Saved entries
.....

Lemma zspan_gen u : A u -> zspan A u.
Proof. by move=> Au; apply: zspan_ext (zspan_add Au (zspan0 A)) _ => g; rewrite addr0. Qed.

Lemma zspanD u v : zspan A u -> zspan A v -> zspan A (fun g => u g + v g).
Proof.
elim=> [|x u' Ax _ IHu|x u' Ax _ IHu] Av.
- by apply: zspan_ext Av _ => g; rewrite add0r.
- by apply: zspan_ext (zspan_add Ax (IHu Av)) _ => g; rewrite addrA.
- by apply: zspan_ext (zspan_sub Ax (IHu Av)) _ => g; rewrite addrAC.
Qed.

Lemma zspanN u : zspan A u -> zspan A (fun g => - u g).
Proof.
elim=> [|x u' Ax _ IHu|x u' Ax _ IHu].
- by apply: zspan_ext (zspan0 A) _ => g; rewrite oppr0.
- by apply: zspan_ext (zspan_sub Ax IHu) _ => g; rewrite opprD addrC.
- by apply: zspan_ext (zspan_add Ax IHu) _ => g; rewrite opprB addrC.
Qed.

Lemma zspanB u v : zspan A u -> zspan A v -> zspan A (fun g => u g - v g).
Proof. by move=> Au Av; apply: zspanD Au (zspanN Av). Qed.

Lemma zspanZ (z : int) u : zspan A u -> zspan A (fun g => z * u g).
Proof.
have zspanZ_gen x : A x -> zspan A (fun g => z * x g).
  move=> Ax; suff zspanMn n : zspan A (fun g => n%:Z * x g).
    case: z => n; first exact: zspanMn.
    by apply: zspan_ext (zspanN (zspanMn n.+1)) _ => g; rewrite NegzE mulNr.
  elim: n => [|n IHn]; first by apply: zspan_ext (zspan0 A) _ => g; rewrite mul0r.
  by apply: zspan_ext (zspan_add Ax IHn) _ => g; rewrite -add1n PoszD mulrDl mul1r.
elim=> [|x u' Ax _ IHu|x u' Ax _ IHu].
- by apply: zspan_ext (zspan0 A) _ => g; rewrite mulr0.
- by apply: zspan_ext (zspanD (zspanZ_gen x Ax) IHu) _ => g; rewrite mulrDr.
- by apply: zspan_ext (zspanB IHu (zspanZ_gen x Ax)) _ => g; rewrite mulrBr.
Qed.
End Zspan.

Lemma coef_cons (I : eqType) (x : I * int) l i :
  coef (x :: l) i = (if x.1 == i then x.2 else 0) + coef l i.
Proof. by rewrite /coef big_cons; case: ifP; rewrite ?add0r. Qed.

Section Group.
Variables (k : nat) (S : Type) (Lam : tup k S -> Prop) (a : tup k S -> nat -> int).
Local Notation G := {classic (gen k S)}.
Implicit Types (l : seq (G * int)) (eta : tup k S).

Definition fab_of l : fab k S := fun h => coef l (h : G).

Lemma fab_of_cat l1 l2 h : fab_of (l1 ++ l2) h = fab_of l1 h + fab_of l2 h.
Proof. exact: coef_cat. Qed.

Lemma fab_of_scale z l h : fab_of (scale_fs z l) h = z * fab_of l h.
Proof. exact: coef_scale. Qed.

Lemma ebasE (g h : gen k S) : ebas g h = if (g : G) == h then 1 else 0.
Proof.
rewrite /ebas; case: pselect => [hg|hg]; case: eqP => // gh; first by case: gh.
by case: hg.
Qed.
Lemma coprime_odd : odd p || odd q.
Proof.
apply/negPn/negP; rewrite negb_or => /andP[ep eq].
have : (2 %| gcdn p q)%N by rewrite dvdn_gcd !dvdn2 ep eq.
by move: pq_coprime; rewrite /coprime => /eqP ->.
Qed.

Lemma letter_at_period (t k : int) : letter_at (t + k * (2 * p)) = letter_at t.
Proof.
rewrite /letter_at /qfloor.
have -> : (t + k * (2 * p)) * q = (2 * k * q) * p + t * q by ring.
by rewrite divzMDl //; congr (_, _); rewrite /oddz; lia.
Qed.

Lemma letter_at_opp (t : int) : qres t != 0 -> letter_at (- t) = linv (letter_at t).
Proof.
move=> nz; have sum0 : qfloor (t + - t) = 0 by rewrite subrr /qfloor mul0r div0z.
rewrite qfloorD in sum0.
have := qfloor_qres t; have := qfloor_qres (- t); rewrite mulNr.
have := qres_bounds t; have := qres_bounds (- t).
by move: sum0 nz; rewrite /letter_at /linv /oddz /=; case: ifP => *; congr (_, _); lia.
Qed.

Lemma qfloorD_zero (s t : int) : qres s = 0 -> qfloor (s + t) = qfloor s + qfloor t.
Proof. by move=> s0; rewrite qfloorD s0 add0r; have := qres_bounds t; case: ifP; lia. Qed.

Lemma qfloorD_last (s t : int) : qres s = p%:Z - 1 ->
  qfloor (s + t) = qfloor s + qfloor t + (if qres t == 0 then 0 else 1).
Proof. by move=> s1; rewrite qfloorD s1; have := qres_bounds t; case: ifP; case: eqP; lia. Qed.
Lemma hole_like6 a b c d e f :
  uniq [:: a; b; c; d; e; f] ->
  near a b -> near b c -> near c d -> near d e -> near e f -> near a f ->
  far a c -> far a d -> far a e -> far b d -> far b e -> far b f ->
  far c e -> far c f -> far d f ->
  hole_like near far [:: a; b; c; d; e; f].
Proof.
move=> U ab bc cd de ef af ac ad ae bd be bf ce cf df; split => //; split => //.
move=> [i Hi] [j Hj] /= ij; rewrite !(tnth_nth a) /=.
by case: i Hi ij => [|[|[|[|[|[|i]]]]]] Hi ij; case: j Hj ij => [|[|[|[|[|[|j]]]]]] Hj ij.
Qed.

End Cycles.

Section SkewPartitions.
Variables (V : finType) (T : trigraph V).
Local Notation adj := (adj T).
Local Notation antiadj := (antiadj T).

Lemma isolated_disconnects (r : rel V) (X : {set V}) z u :
  z \in X -> u \in X -> u != z -> (forall w, w \in X -> ~~ r z w) ->
  ~ (forall a b, a \in X -> b \in X -> connect (rel_in X r) a b).
Proof.
move=> zX uX uz iso /(_ z u zX uX) /connectP [[|w p] /= zp uE].
  by rewrite uE eqxx in uz.
by case/andP: zp => /and3P [_ wX]; rewrite (negbTE (iso w wX)).
Qed.
(* The estimate holds pointwise in t.  The first component of P T(t)(x, f) is
   f(t) and the second is a(.) F T(t) x, whose Bergman norm is at most
   ||a||_B ||F T(t) x||; then (u + v)^p <= 2^(p-1) (u^p + v^p) by convexity of
   s |-> s^p, and integrating over [0, alpha] with the admissibility of F gives
   the claim.  Since t |-> ||F T(t) x|| need not be measurable, integrals are
   handled through their definition as suprema over nonnegative simple
   functions; the only measurability used, that of t |-> ||f(t)||, comes from
   the continuity of the holomorphic f on the positive real axis. *)
From Pilot Require Import Defs.
From HB Require Import structures.
From mathcomp Require Import all_boot all_order all_algebra.
From mathcomp Require Import all_classical all_reals all_analysis.
From mathcomp Require Import complex.
From mathcomp Require Import lra measurable_realfun.
Import Order.TTheory GRing.Theory Num.Theory.
Import numFieldNormedType.Exports.
Local Open Scope classical_set_scope.
Local Open Scope ring_scope.
Local Open Scope complex_scope.

Section ge0_integral_nonmeasurable.
Context {d : measure_display} {T : measurableType d} {R : realType}.
Variable mu : {measure set T -> \bar R}.
Import HBNNSimple.
Local Open Scope ereal_scope.

Lemma le_ge0_integral (D : set T) (f g : T -> \bar R) :
  (forall x, D x -> 0 <= f x) -> (forall x, D x -> f x <= g x) ->
  \int[mu]_(x in D) f x <= \int[mu]_(x in D) g x.
Proof.
move=> f0 fg.
have g0 x : D x -> 0 <= g x by move=> Dx; exact: le_trans (f0 _ Dx) (fg _ Dx).
rewrite !ge0_integralE //.
apply: ge_ereal_sup => _ [h /= hf <-]; apply: ereal_sup_ubound => /=.
exists h => //= x; apply: (le_trans (hf x)).
by rewrite /patch; case: ifP => // /[!inE] /fg.
Qed.

Lemma ge0_integralZl_le (D : set T) (k : R) (f : T -> R) : (0 <= k)%R ->
  (forall x, D x -> 0 <= f x)%R ->
  \int[mu]_(x in D) (k * f x)%:E <= k%:E * \int[mu]_(x in D) (f x)%:E.
Proof.
move=> k0 f0; have [->|kn0] := eqVneq k 0%R.
  rewrite mul0e (eq_integral (fun _ => 0)) ?integral0 // => x _.
  by rewrite mul0r.
have kp : (0 < k)%R by rewrite lt_def kn0.
rewrite !ge0_integralE //; last by move=> x Dx; rewrite lee_fin mulr_ge0 ?f0.
apply: ge_ereal_sup => _ [h /= hf <-].
have ki : (0 <= k^-1)%R by rewrite invr_ge0.
pose h' := scale_nnsfun h ki.
have -> : sintegral mu h = k%:E * sintegral mu h'.
  rewrite -sintegralrM; apply: eq_sintegral => x.
  by rewrite /h' /= mulrA mulfV ?mul1r.
apply: lee_wpmul2l; first by rewrite lee_fin.
apply: ereal_sup_ubound => /=; exists h' => //= x.
have := hf x; rewrite /patch; case: ifP => _; rewrite lee_fin => hx.
  by rewrite lee_fin ler_pdivrMl.
by rewrite lee_fin pmulr_rle0 ?invr_gt0.
Qed.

.....

Your answer should hold every line of the entries that contains the string "patch".

* _Worked solution_
by rewrite /patch; case: ifP => // /[!inE] /fg.
have := hf x; rewrite /patch; case: ifP => _; rewrite lee_fin => hx.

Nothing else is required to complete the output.